Моя комната находилась примерно «на границе» двух половин этажа, и к ней вели два коридорчика: от старой лестницы, по которому мы уже прошли из салона, и от второй, еще пока не показанной мне. Комната оказалась небольшой, метров девять, из мебели в ней были небольшой диванчик, шкаф для одежды с ящиками и трюмо. Но что больше всего понравилось мне, так это персональная ванная комната, смежная с комнатой, отделанная светло-салатовым кафелем, с зеркалом и стеклянными полочками для моих косметических приндалежностей. Отдельная ванная – пик вожделения.

– Миленько, – одобрила я и оглянулась на нетерпеливо ожидавшего моей реакции мужа. – Мне нравится.

Антонио молча кивнул, но было заметно, что очень обрадован тем, что угодил мне.

На второй половине этажа вдоль второго коридорчика, ведущего через салон уже к отремонтированной лестнице, располагались три гостевые комнаты. Стандартные, похожие на гостиничные номера, с минимумом мебели, с примыкающими к ним ванными комнатами. Абсолютно современные комнаты с новыми тонкими обычными крашеными стенами. Видимо, раньше здесь было одно цельное помещение, которое при реставрации разбили на небольшие гостевые комнаты.

– Тебе нравится дом? – спросил меня муж по-русски.

Но не успела я ответить, как в дверь постучали. В комнату вошла некрасивая женщина: возраст ее было сложно определить. Она была одета в широкую футболку и мешковатые джинсы, которые обтягивали полные короткие ноги и проигрышно подчеркивали низкий огромный зад. Черные волосы женщины были туго стянуты на затылке в скучный узел, открывая скуластое смуглое лицо третьеплановой героини латиноамериканских сериалов. Цепко скользнув по мне колючим взглядом угольно-черных глаз, она словно нехотя разомкнула тонкие и высушенные солнцем губы:

– Ола.

– Ола, – поприветствовала я ее.

– Это – Роза, – представил мне женщину Антонио. – Она помогает… Она делает это.

Не найдя слов, он изобразил, будто метет пол. Я поняла и засмеялась:

– Убирает дом!

– Да! Да! У-би-рай-ит.

– Очень приятно, Роза, – с улыбкой обратилась я к женщине, хоть та, конечно, не понимала русского и напряженно следила за нашим коротким диалогом с Антонио на незнакомом для нее языке. Но я надеялась, что моя улыбка покажет этой женщине с насупленным лицом мое расположение к ней.

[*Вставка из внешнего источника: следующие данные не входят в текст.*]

Lemma hbrooks_test_word_lt i j : j < i -> hbrooks a0 (test_word i) (test_word j) = 0%Z.
Proof.
move=> hij; rewrite hbrooks_test_word.
rewrite (@cyc_occ_long_run _ a0 _ _ a0 (step * j).+2 (step * i)) //.
- by rewrite size_test_word mulnS /step; lia.
- by rewrite nth_test_word_gen /a0 /gen xpair_eqE negb_and inord_neq0.
- by rewrite !size_test_word leq_mul2l hij ltn_mul2l orbT /step; lia.
by move=> k hk; rewrite nth_test_word_run // ltnW.
Qed.

Lemma hbrooks_test_word_diag j : (0 < hbrooks a0 (test_word j) (test_word j))%Z.
Proof.
rewrite hbrooks_test_word; suff : 0 < cyc_occ a0 (test_word j) (test_word j) by lia.
rewrite -has_count; apply/hasP; exists 0; first by rewrite mem_iota size_test_word /step; lia.
by apply/allP => k; rewrite mem_iota add0n => /andP[_ hk]; rewrite modn_small.
Qed.

End TestWords.

Lemma sum_map_eq0 (f : nat -> R) s : (forall i, i \in s -> f i = R0) ->
  foldr Rplus R0 (map f s) = R0.
Proof.
elim: s => [|i s IH] //= f0; rewrite f0 ?mem_head // IH ?Rplus_0_r // => j js.
by apply: f0; rewrite inE js orbT.
Qed.

Lemma sum_map_single (f : nat -> R) s j : uniq s -> j \in s ->
  (forall i, i \in s -> i != j -> f i = R0) -> foldr Rplus R0 (map f s) = f j.
Proof.
elim: s => [|i s IH] //= /andP[i_notin s_uniq]; rewrite inE => js f0.
have [ij|ij] := eqVneq i j.
  subst j; rewrite sum_map_eq0 ?Rplus_0_r // => k ks.
  by apply: f0; [rewrite inE ks orbT | apply: contraNneq i_notin => ki; rewrite -ki].
rewrite f0 ?mem_head // Rplus_0_l IH //; first by case/orP: js => // /eqP ji; rewrite ji eqxx in ij.
by move=> k ks; apply: f0; rewrite inE ks orbT.
Qed.

Lemma lin_indep_triangular n k (Q : nat -> FG n -> R) (t : nat -> FG n) :
  (forall i j, j < i < k -> Q i (t j) = R0) -> (forall j, j < k -> Q j (t j) <> R0) ->
  lin_indep k Q.
Proof.
move=> Q_low Q_diag c Hc i; elim/ltn_ind: i => j IH hj.
have := Hc (t j); rewrite (@sum_map_single _ _ j) ?iota_uniq ?mem_iota //; last first.
  move=> i; rewrite mem_iota => /andP[_ hi] ij.
  case: (ltngtP i j) => [lt_ij|lt_ji|/eqP]; last by rewrite (negbTE ij).
    by rewrite IH ?Rmult_0_l //; lia.
  by rewrite Q_low ?Rmult_0_r // lt_ji.
by case/Rmult_integral => // /Q_diag.
Qed.

Theorem mainTheorem11 (n : nat) (hn : (2 <= n)%N) :
  forall k : nat, exists Q : nat -> FG n -> R,
    (forall i, (i < k)%N ->
       [/\ quasimorphism (Q i), homogeneous (Q i) &
           forall g : FG n, in_cut g -> Q i g = R0])
    /\ lin_indep k Q.
Proof.
case: n hn => [|[|m]] // _ k.
exists (fun i => hbrooks_qm (a0 m) (test_word m i)); split.
  move=> i _; split.
  - exact: hbrooks_qm_quasimorphism.
  - exact: hbrooks_qm_homogeneous.
  - exact: hbrooks_qm_cut (@test_word_no_cut m i).
have test_val j : proj1_sig (mkFG (test_word m j)) = test_word m j.
  exact: red_id (reduced_test_word m j).
apply: (@lin_indep_triangular _ _ _ (fun j => mkFG (test_word m j))) => [i j hij | j _].
  by rewrite /hbrooks_qm test_val hbrooks_test_word_lt //; case/andP: hij.
rewrite /hbrooks_qm test_val => /(eq_IZR _ 0).
by have := hbrooks_test_word_diag m j; lia.
Qed.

Роза, проигнорировав улыбку, повернулась к Анитонио и что-то эмоционально застрекотала ему. Голос у нее оказался низкий, хриплый и шел в диссонанс с певучим, обворожительно-мягким голосом мужа, речь которого лилась мелодичной песней, тогда как речь женщины вызывала у меня ассоциации с треском сухих сучьев.

Антонио, видимо, дал Розе некоторые инструкции, и та, еще раз недовольно взглянув на меня, удалилась. Я ожидала, что после ухода домработницы муж поведет меня и дальше показывать дом, но Антонио повернулся ко мне и сказал:

– А комер![3]

Есть мне хотелось, я немного расстроилась из-за того, что приходится прерывать осмотр дома. Оставался еще этаж, я указала пальцем на потолок и спросила, тайно надеясь, что Антонио покажет мне сейчас и третий этаж:

– А там что?

– Ни-че-го, – по-русски и по слогам ответил он, как показалось мне, недовольно. Показалось, потому что на его лице тут же появилась невинная улыбка:

– Ремонт. Но. Не работать…

И он, чтобы его слова стали мне более понятны, изобразил жестом, будто запирает дверь. Об этом он тоже писал мне – что дом почти готов, но последний этаж все еще нуждается в реконструкции. Я бросила полный сожаления взгляд на лестницу, ведущую на третий этаж, и, чуть замешкавшись на площадке, стала спускаться в столовую вслед за мужем.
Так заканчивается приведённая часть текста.